### AIM OF THE TASK
In the material below, repeat only the lines from the one that holds "- apply Forall_forall. intros u" through the final line, exactly as they stand.

### RECORD EXTRACTS
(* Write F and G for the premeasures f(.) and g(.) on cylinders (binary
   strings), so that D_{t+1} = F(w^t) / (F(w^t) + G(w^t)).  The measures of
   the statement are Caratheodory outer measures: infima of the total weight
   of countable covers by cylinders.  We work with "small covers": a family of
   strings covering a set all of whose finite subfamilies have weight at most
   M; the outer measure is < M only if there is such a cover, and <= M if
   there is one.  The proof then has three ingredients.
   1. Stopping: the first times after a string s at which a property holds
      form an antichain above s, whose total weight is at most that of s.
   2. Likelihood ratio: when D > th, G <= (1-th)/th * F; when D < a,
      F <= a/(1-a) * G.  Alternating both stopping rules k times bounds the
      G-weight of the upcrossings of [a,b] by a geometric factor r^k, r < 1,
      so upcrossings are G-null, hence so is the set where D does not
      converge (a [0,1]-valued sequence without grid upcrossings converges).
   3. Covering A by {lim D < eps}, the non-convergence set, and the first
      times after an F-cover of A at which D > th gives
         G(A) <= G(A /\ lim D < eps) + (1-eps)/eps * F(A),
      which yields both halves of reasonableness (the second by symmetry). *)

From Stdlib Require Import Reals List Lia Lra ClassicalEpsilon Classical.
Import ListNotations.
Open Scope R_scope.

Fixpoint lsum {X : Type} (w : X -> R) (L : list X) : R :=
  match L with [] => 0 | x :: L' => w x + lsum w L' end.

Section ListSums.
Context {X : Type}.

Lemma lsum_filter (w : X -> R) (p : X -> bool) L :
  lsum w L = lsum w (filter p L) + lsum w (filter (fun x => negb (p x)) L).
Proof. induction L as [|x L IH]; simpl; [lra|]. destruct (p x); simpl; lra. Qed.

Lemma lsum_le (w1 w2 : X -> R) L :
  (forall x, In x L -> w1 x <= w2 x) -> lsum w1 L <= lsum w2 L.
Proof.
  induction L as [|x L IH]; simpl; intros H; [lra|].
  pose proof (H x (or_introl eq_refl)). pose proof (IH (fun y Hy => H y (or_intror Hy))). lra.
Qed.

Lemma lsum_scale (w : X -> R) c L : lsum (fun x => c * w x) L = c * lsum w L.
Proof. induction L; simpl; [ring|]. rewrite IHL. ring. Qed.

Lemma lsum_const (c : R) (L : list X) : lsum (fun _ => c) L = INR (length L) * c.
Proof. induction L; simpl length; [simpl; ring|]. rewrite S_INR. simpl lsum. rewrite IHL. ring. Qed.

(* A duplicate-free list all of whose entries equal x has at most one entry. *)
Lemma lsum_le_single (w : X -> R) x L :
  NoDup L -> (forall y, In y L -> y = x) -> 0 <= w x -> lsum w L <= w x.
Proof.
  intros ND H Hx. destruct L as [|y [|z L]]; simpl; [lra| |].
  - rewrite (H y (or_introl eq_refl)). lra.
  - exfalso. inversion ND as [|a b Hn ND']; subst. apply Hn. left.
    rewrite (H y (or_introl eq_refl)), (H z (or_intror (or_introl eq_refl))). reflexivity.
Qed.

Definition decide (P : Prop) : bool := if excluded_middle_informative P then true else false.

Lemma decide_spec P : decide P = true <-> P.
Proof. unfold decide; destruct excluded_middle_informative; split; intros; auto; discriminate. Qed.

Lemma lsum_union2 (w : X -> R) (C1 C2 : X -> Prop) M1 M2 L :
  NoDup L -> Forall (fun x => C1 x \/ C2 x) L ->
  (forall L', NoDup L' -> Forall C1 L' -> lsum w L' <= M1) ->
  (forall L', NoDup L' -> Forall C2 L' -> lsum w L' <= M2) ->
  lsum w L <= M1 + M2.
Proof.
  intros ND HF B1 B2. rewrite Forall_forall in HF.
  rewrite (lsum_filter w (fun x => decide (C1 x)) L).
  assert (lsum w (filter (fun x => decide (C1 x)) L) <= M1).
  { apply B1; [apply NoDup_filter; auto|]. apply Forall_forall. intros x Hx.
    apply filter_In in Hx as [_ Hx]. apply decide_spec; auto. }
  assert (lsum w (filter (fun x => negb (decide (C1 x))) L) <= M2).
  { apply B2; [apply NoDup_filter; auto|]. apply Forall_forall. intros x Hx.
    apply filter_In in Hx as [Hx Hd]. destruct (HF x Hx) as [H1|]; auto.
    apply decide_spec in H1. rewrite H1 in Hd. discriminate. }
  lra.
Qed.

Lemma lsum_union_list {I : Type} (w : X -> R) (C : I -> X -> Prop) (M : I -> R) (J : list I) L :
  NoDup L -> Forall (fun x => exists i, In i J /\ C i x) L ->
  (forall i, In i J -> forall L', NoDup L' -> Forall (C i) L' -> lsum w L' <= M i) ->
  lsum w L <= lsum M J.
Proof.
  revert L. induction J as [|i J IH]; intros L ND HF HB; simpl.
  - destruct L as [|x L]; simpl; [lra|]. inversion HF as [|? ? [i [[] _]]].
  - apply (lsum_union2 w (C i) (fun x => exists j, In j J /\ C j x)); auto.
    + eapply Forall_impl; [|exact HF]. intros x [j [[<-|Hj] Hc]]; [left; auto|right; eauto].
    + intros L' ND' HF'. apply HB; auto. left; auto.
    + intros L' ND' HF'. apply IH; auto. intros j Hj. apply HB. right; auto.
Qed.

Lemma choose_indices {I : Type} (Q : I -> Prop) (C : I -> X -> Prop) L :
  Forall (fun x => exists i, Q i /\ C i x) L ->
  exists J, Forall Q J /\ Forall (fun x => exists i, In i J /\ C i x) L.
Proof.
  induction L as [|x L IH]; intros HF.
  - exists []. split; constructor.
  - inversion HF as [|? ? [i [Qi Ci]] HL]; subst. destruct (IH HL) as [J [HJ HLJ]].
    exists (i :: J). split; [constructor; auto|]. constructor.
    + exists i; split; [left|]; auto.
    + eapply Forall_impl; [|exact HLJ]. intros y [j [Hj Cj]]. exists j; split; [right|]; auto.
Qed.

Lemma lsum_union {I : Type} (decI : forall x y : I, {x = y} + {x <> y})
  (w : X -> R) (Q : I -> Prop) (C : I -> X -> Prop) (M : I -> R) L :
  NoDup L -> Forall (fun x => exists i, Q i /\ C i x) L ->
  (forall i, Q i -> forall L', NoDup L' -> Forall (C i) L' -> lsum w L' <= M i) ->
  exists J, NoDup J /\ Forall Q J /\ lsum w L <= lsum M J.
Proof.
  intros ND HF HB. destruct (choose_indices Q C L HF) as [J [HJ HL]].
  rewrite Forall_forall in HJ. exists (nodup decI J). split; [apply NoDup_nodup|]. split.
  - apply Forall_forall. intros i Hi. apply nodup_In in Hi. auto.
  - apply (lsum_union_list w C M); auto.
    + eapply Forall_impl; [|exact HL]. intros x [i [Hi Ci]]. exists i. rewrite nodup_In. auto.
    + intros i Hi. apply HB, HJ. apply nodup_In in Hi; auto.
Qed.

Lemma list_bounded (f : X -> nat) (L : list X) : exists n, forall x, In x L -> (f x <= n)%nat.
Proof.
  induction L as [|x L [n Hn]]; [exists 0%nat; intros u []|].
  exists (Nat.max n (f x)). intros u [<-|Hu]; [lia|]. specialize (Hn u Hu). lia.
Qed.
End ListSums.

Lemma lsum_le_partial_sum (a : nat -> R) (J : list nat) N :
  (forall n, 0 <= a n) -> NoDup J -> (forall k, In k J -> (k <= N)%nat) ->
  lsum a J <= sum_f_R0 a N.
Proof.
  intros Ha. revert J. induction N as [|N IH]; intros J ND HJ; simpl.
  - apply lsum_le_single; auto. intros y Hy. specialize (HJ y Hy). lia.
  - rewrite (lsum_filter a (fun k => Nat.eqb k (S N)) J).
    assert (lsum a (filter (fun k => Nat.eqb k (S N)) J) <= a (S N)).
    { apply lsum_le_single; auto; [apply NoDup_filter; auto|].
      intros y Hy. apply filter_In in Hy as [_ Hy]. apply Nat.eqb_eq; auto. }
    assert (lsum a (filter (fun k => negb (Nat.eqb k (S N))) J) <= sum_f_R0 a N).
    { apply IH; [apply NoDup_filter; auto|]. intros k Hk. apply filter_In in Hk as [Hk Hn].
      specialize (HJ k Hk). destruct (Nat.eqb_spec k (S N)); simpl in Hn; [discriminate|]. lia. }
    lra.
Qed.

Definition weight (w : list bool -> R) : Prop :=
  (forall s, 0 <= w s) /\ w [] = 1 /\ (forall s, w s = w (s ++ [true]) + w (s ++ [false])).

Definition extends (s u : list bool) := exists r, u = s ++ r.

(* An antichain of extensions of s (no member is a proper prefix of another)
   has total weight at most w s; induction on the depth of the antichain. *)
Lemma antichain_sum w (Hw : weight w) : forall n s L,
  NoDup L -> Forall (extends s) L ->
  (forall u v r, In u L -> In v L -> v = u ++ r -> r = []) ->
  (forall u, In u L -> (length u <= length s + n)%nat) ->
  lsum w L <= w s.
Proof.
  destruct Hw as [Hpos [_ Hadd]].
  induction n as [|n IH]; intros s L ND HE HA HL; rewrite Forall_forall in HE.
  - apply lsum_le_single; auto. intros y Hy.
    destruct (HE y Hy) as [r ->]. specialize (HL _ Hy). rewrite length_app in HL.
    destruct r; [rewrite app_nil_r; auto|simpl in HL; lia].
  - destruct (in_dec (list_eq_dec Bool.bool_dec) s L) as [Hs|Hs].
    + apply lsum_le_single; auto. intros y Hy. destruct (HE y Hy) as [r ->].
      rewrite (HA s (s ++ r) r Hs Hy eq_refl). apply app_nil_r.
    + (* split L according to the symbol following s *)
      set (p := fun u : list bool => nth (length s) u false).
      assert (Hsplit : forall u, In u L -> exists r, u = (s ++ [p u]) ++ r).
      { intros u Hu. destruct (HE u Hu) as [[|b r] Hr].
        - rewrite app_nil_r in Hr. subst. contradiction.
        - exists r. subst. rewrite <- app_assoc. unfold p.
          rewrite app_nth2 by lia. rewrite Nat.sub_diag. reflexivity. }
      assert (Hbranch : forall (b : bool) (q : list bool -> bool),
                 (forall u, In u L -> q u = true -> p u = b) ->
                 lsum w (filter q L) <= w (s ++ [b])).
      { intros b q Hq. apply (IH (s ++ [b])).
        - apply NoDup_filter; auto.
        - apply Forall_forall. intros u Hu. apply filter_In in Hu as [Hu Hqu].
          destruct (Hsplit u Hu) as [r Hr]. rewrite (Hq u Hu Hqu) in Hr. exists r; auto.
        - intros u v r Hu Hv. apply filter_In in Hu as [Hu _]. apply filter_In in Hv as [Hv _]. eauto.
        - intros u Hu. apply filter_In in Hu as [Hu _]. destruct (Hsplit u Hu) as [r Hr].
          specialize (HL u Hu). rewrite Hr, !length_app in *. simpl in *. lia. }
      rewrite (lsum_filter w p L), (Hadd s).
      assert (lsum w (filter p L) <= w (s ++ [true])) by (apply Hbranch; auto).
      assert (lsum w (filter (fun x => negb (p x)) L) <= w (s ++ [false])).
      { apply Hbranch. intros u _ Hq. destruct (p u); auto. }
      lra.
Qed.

### RESULT OF THIS EXERCISE
        - apply Forall_forall. intros u Hu. apply filter_In in Hu as [Hu Hqu].
          destruct (Hsplit u Hu) as [r Hr]. rewrite (Hq u Hu Hqu) in Hr. exists r; auto.
        - intros u v r Hu Hv. apply filter_In in Hu as [Hu _]. apply filter_In in Hv as [Hv _]. eauto.
        - intros u Hu. apply filter_In in Hu as [Hu _]. destruct (Hsplit u Hu) as [r Hr].
          specialize (HL u Hu). rewrite Hr, !length_app in *. simpl in *. lia. }
      rewrite (lsum_filter w p L), (Hadd s).
      assert (lsum w (filter p L) <= w (s ++ [true])) by (apply Hbranch; auto).
      assert (lsum w (filter (fun x => negb (p x)) L) <= w (s ++ [false])).
      { apply Hbranch. intros u _ Hq. destruct (p u); auto. }
      lra.
Qed.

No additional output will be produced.